Archive for Monday, November 28, 2005

Science credentials

November 28, 2005


To the editor:

In regard to the class offered next semester at KU titled "Special Topics in Religion: Intelligent Design, Creationisms and Other Religious Mythologies," John Calvert, a lawyer, writes, "People will be misled and buy the lie. But the public is going to see what's going on. We're not all fools. Misinformation has a finite life." The lie has already been bought by the mere fact that intelligent design is even being discussed, because of the tactic of misrepresenting the works of others to "create" a controversy when there is none and that intelligent design is a science when it is not.

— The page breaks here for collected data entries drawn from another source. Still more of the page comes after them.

(* Let $(X,\tau)$ be a topological space and let $\delta$ be a quasi-proximity on $X$ compatible with $\tau$ (i.e. $\tau(\delta)=\tau$) such that $\mathcal{V}_\delta$ is transitive. Let $\mathcal{V}\in T(\tau)$ with $\mathcal{V}_\delta\subseteq\mathcal{V}$. Then $\mathcal{V}\in\pi(\delta)$ if and only if for every $N\in\tau$ with $U_N\in\mathcal{V}$ we have $N\in\mathcal{B}(\mathcal{V}_\delta)$.
   Context: Quasi-uniformities and quasi-proximities are in the sense of Fletcher–Lindgren. For a quasi-uniformity $\mathcal{V}$ on $X$, $\tau(\mathcal{V})$ and $\delta(\mathcal{V})$ denote the topology and the quasi-proximity induced by $\mathcal{V}$; $\tau(\delta)$ is the topology induced by a quasi-proximity $\delta$. A quasi-uniformity $\mathcal{V}$ on $(X,\tau)$ is compatible if $\tau(\mathcal{V})=\tau$; it is transitive if it has a base of transitive entourages ($U\circ U\subseteq U$). $T(\tau)$ denotes the set of all compatible transitive quasi-uniformities on $(X,\tau)$. For a quasi-proximity $\delta$, $\pi(\delta)=\{\mathcal{V}:\mathcal{V}$ a quasi-uniformity on $X$ with $\delta(\mathcal{V})=\delta\}$; it is nonempty and has a coarsest element, denoted $\mathcal{V}_\delta$, which is totally bounded (and the only totally bounded member of $\pi(\delta)$). For $N\subseteq X$, $U_N=(N\times N)\cup((X\setminus N)\times X)$. For a quasi-uniformity $\mathcal{V}$ compatible with $\tau$, $\mathcal{B}(\mathcal{V})=\{N\in\tau: U_N\in\mathcal{V}\}$; when $\mathcal{V}$ is totally bounded and transitive this is an l-base, i.e. a base for $\tau$ closed under finite unions and finite intersections and containing $\emptyset$ and $X$. *)

From Stdlib Require Import Classical.

Set Implicit Arguments.

Definition set (X : Type) := X -> Prop.
Definition relX (X : Type) := X -> X -> Prop.

Definition is_topology (X : Type) (tau : set X -> Prop) : Prop :=
  tau (fun _ => True) /\ tau (fun _ => False) /\
  (forall A B, tau A -> tau B -> tau (fun x => A x /\ B x)) /\
  (forall F : set X -> Prop, (forall A, F A -> tau A) ->
     tau (fun x => exists A, F A /\ A x)) /\
  (forall A B, (forall x, A x <-> B x) -> tau A -> tau B).

Definition comp (X : Type) (U W : relX X) : relX X :=
  fun x z => exists y, W x y /\ U y z.

Definition subrel (X : Type) (U W : relX X) : Prop := forall x y, U x y -> W x y.

Definition quasi_uniformity (X : Type) (V : relX X -> Prop) : Prop :=
  V (fun _ _ => True) /\
  (forall U W, V U -> subrel U W -> V W) /\
  (forall U W, V U -> V W -> V (fun x y => U x y /\ W x y)) /\
  (forall U, V U -> forall x, U x x) /\
  (forall U, V U -> exists W, V W /\ subrel (comp W W) U).

Definition tau_qu (X : Type) (V : relX X -> Prop) : set X -> Prop :=
  fun G => forall x, G x -> exists U, V U /\ forall y, U x y -> G y.

Definition compatible (X : Type) (V : relX X -> Prop) (tau : set X -> Prop) :=
  forall G, tau_qu V G <-> tau G.

Definition transitive_qu (X : Type) (V : relX X -> Prop) : Prop :=
  forall U, V U -> exists W, V W /\ subrel W U /\ subrel (comp W W) W.

Definition in_T (X : Type) (tau : set X -> Prop) (V : relX X -> Prop) : Prop :=
  quasi_uniformity V /\ compatible V tau /\ transitive_qu V.

Definition quasi_proximity (X : Type) (d : set X -> set X -> Prop) : Prop :=
  (forall A B C, d (fun x => A x \/ B x) C <-> (d A C \/ d B C)) /\
  (forall A B C, d A (fun x => B x \/ C x) <-> (d A B \/ d A C)) /\
  (forall A B, d A B -> (exists x, A x) /\ (exists x, B x)) /\
  (forall A B, (exists x, A x /\ B x) -> d A B) /\
  (forall A B, ~ d A B -> exists C, ~ d A C /\ ~ d (fun x => ~ C x) B).

(* Topology induced by a quasi-proximity: closure cl A = {x | {x} d A};
   G is open iff its complement is closed. *)
Definition tau_qp (X : Type) (d : set X -> set X -> Prop) : set X -> Prop :=
  fun G => forall x, d (fun y => y = x) (fun y => ~ G y) -> ~ G x.

Definition delta_qu (X : Type) (V : relX X -> Prop) : set X -> set X -> Prop :=
  fun A B => forall U, V U -> exists x y, A x /\ B y /\ U x y.

Definition in_pi (X : Type) (d : set X -> set X -> Prop) (V : relX X -> Prop) : Prop :=
  quasi_uniformity V /\ forall A B, delta_qu V A B <-> d A B.

(* V_d : the coarsest element of pi(d), i.e. the intersection of all members
   of pi(d) (which is itself a member of pi(d) when d is a quasi-proximity). *)
Definition V_delta (X : Type) (d : set X -> set X -> Prop) : relX X -> Prop :=
  fun U => forall V, in_pi d V -> V U.

Definition U_N (X : Type) (N : set X) : relX X :=
  fun x y => (N x /\ N y) \/ ~ N x.

Definition B_of (X : Type) (tau : set X -> Prop) (V : relX X -> Prop) : set X -> Prop :=
  fun N => tau N /\ V (U_N N).

(* If V lies in pi(d), a U_N in V says that N is d-far from its complement,
   and the entourage of pairs leaving A x B for d-far A, B belongs to every
   member of pi(d), hence to V_d.  Conversely, V_d <= V gives d(V) <= d; and if
   some U in V keeps A away from B, a transitive W <= U produces the open set
   N = W[A] with U_N in V, so U_N lies in V_d by hypothesis, which forces A
   and B to be d-far. *)
From Stdlib Require Import Classical.

Set Implicit Arguments.
Unset Strict Implicit.

Section QuasiUniformNearness.

Variable X : Type.
Implicit Types (A B N : set X) (U W : relX X) (V : relX X -> Prop)
  (d : set X -> set X -> Prop).

Definition apart A B : relX X := fun x y => ~ A x \/ ~ B y.

Definition image_rel W A : set X := fun y => exists x, A x /\ W x y.

Lemma delta_qu_apart V A B : delta_qu V A B -> ~ V (apart A B).
Proof.
  intros Hnear VAB. destruct (Hnear _ VAB) as [x [y [Ax [By [nAx | nBy]]]]]; tauto.
Qed.

Lemma not_delta_qu_apart V A B :
  (forall U W, V U -> subrel U W -> V W) -> ~ delta_qu V A B -> V (apart A B).
Proof.
  intros Vup Hfar. apply not_all_ex_not in Hfar. destruct Hfar as [U HU].
  apply imply_to_and in HU. destruct HU as [VU HU].
  apply (Vup U); [exact VU |]. intros x y Uxy.
  apply NNPP. intros Hxy. apply HU. exists x, y. unfold apart in Hxy. tauto.
Qed.

Lemma V_delta_upward d U W : V_delta d U -> subrel U W -> V_delta d W.
Proof. intros HU UW V' HV'. exact (proj1 (proj2 (proj1 HV')) U W (HU V' HV') UW). Qed.

Lemma V_delta_apart d A B : ~ d A B -> V_delta d (apart A B).
Proof.
  intros Hfar V' HV'. destruct HV' as [[_ [Vup _]] HdV].
  apply not_delta_qu_apart; [exact Vup |]. intros Hnear. apply Hfar, HdV, Hnear.
Qed.

Lemma V_delta_apart_not_near d A B :
  (exists V, in_pi d V) -> V_delta d (apart A B) -> ~ d A B.
Proof.
  intros [V' HV'] HAB Hnear. apply (delta_qu_apart (V := V') (A := A) (B := B)).
  - apply (proj2 HV'), Hnear.
  - exact (HAB V' HV').
Qed.

(* An empty pi(d) would make the empty relation a member of V_d. *)
Lemma pi_inhabited d V (x : X) :
  quasi_uniformity V -> (forall U, V_delta d U -> V U) -> exists V', in_pi d V'.
Proof.
  intros [_ [_ [_ [Vrefl _]]]] Hsub. apply NNPP. intros Hnone.
  assert (Hempty : V_delta d (fun _ _ => False)).
  { intros V' HV'. exfalso. apply Hnone. exists V'. exact HV'. }
  exact (Vrefl _ (Hsub _ Hempty) x).
Qed.

Lemma delta_qu_le d V A B :
  (forall U, V_delta d U -> V U) -> delta_qu V A B -> d A B.
Proof.
  intros Hsub Hnear. apply NNPP. intros Hfar.
  exact (delta_qu_apart Hnear (Hsub _ (V_delta_apart Hfar))).
Qed.

Lemma U_N_complement_apart N : subrel (apart N (fun y => ~ N y)) (U_N N).
Proof. intros x y [nNx | nnNy]; unfold U_N; [right | apply NNPP in nnNy]; tauto. Qed.

Lemma U_N_sub_apart N A B :
  (forall x, A x -> N x) -> (forall y, N y -> ~ B y) -> subrel (U_N N) (apart A B).
Proof.
  intros AN NB x y [[_ Ny] | nNx]; [right; exact (NB y Ny) | left; auto].
Qed.

Lemma tau_qu_image V W A : V W -> subrel (comp W W) W -> tau_qu V (image_rel W A).
Proof.
  intros VW Wtr y [x [Ax Wxy]]. exists W. split; [exact VW |].
  intros z Wyz. exists x. split; [exact Ax |]. apply Wtr. exists y. tauto.
Qed.

Lemma subrel_U_N_image W A : subrel (comp W W) W -> subrel W (U_N (image_rel W A)).
Proof.
  intros Wtr y z Wyz. destruct (classic (image_rel W A y)) as [Ny | nNy].
  - left. split; [exact Ny |]. destruct Ny as [x [Ax Wxy]].
    exists x. split; [exact Ax |]. apply Wtr. exists y. tauto.
  - right. exact nNy.
Qed.

Lemma in_pi_U_N d V N : in_pi d V -> V (U_N N) -> V_delta d (U_N N).
Proof.
  intros [_ HdV] VN. apply (V_delta_upward (U := apart N (fun y => ~ N y))).
  - apply V_delta_apart. intros Hnear. apply HdV in Hnear.
    destruct (Hnear _ VN) as [x [y [Nx [nNy [[_ Ny] | nNx]]]]]; tauto.
  - apply U_N_complement_apart.
Qed.

Lemma near_delta_qu tau d V A B :
  quasi_proximity d -> in_T tau V -> (forall U, V_delta d U -> V U) ->
  (forall N, tau N -> V (U_N N) -> V_delta d (U_N N)) ->
  d A B -> delta_qu V A B.
Proof.
  intros [_ [_ [Hne _]]] [Hqu [HcV HtV]] Hsub HB Hnear.
  destruct (Hne A B Hnear) as [[a _] _].
  pose proof Hqu as [_ [Vup [_ [Vrefl _]]]].
  apply NNPP. intros Hfar.
  destruct (HtV _ (not_delta_qu_apart Vup Hfar)) as [W [VW [WAB Wtr]]].
  assert (HN : tau (image_rel W A)) by exact (proj1 (HcV _) (tau_qu_image VW Wtr)).
  assert (VN : V (U_N (image_rel W A))) by exact (Vup W _ VW (subrel_U_N_image A Wtr)).
  apply (V_delta_apart_not_near (pi_inhabited a Hqu Hsub)) in Hnear; [exact Hnear |].
  apply (V_delta_upward (HB _ HN VN)). apply U_N_sub_apart.
  - intros x Ax. exists x. split; [exact Ax | exact (Vrefl W VW x)].
  - intros y [x [Ax Wxy]] By. destruct (WAB x y Wxy); tauto.
Qed.

End QuasiUniformNearness.

Theorem lemma2p1 (X : Type) (tau : set X -> Prop) (d : set X -> set X -> Prop)
  (Htop : is_topology tau)
  (Hqp : quasi_proximity d)
  (Hcomp : forall G, tau_qp d G <-> tau G)
  (Htrans : transitive_qu (V_delta d))
  (V : relX X -> Prop)
  (HV : in_T tau V)
  (Hsub : forall U, V_delta d U -> V U) :
  in_pi d V <-> (forall N, tau N -> V (U_N N) -> B_of tau (V_delta d) N).
Proof.
  split.
  - intros Hpi N HN VN. split; [exact HN | exact (in_pi_U_N Hpi VN)].
  - intros HB. split; [exact (proj1 HV) |]. intros A B. split.
    + apply delta_qu_le, Hsub.
    + apply (near_delta_qu Hqp HV Hsub). intros N HN VN. exact (proj2 (HB N HN VN)).
Qed.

As to Calvert questioning the "science credentials" of the instructor of the religion class, we need only ask the same question about the six members of the Kansas Board of Education who changed the definition of science to allow supernatural explanations, which places intelligent design in the domain of religion.

Kenneth S. Schmitz,

professor of chemistry,

University of Missouri-Kansas City


Ragingbear 12 years, 3 months ago

Besides, we all know that the Earth is actually a giant meatball flung forth from the Great Flying Spagetti Monster.

All hail His noodly appendage!

DuQuesne 12 years, 3 months ago

Finally someone adequately credentialed to apprehend the difference between tautomerism and tautology. My own observation: People, individually and as a group, have little sustainable longitudinal memory; what is found to be true on Tuesday may need to be re-learned the following Saturday, and probably by subsequent generations. So yes, you have to keep at it and, no, it won't go away.

Reason McLucus 12 years, 3 months ago

The State of Kansas through its Board of Education has actually done something right for a change by stating that schools should teach empirical science instead of teaching that science is just another religion.

The old definition that science seeks what some call "natural" explanations implies science is a religion that has no special characteristics that would make the beliefs of the priests called "scientists" superior to other priests.

The new definition separates science from religion by defining science in terms of how it acquires, processes and verifies information. It is the ability to verify concepts through repeated experimentation and observation that makes empirical science different from other endeavors.

Science can determine whether physcial processes function consistently. It cannot conclusively determine the ultimate nature of reality or whether some higher order Intelligence might exist. Processes would appear to be occurring naturally so long as any intervention by such an Intelligence was consistent.

The behavior of the sun and earth's weather remain unpredictable which would allow some Intelligence ample opportunity to influence events on earth without being detected by scientists.

Spontaneous remission of otherwise untreatable fatal disorders happens. Do such remissions result from miracles or from some special characteristic of the individual's immune system that science cannot locate? (For example, of such a remission check the biography of former Kansas Attorney General Bob Stephen.) Unless the situation is reproducable science cannot provide a definite answer other than to note that scientists still don't know everything there is to know about the human body.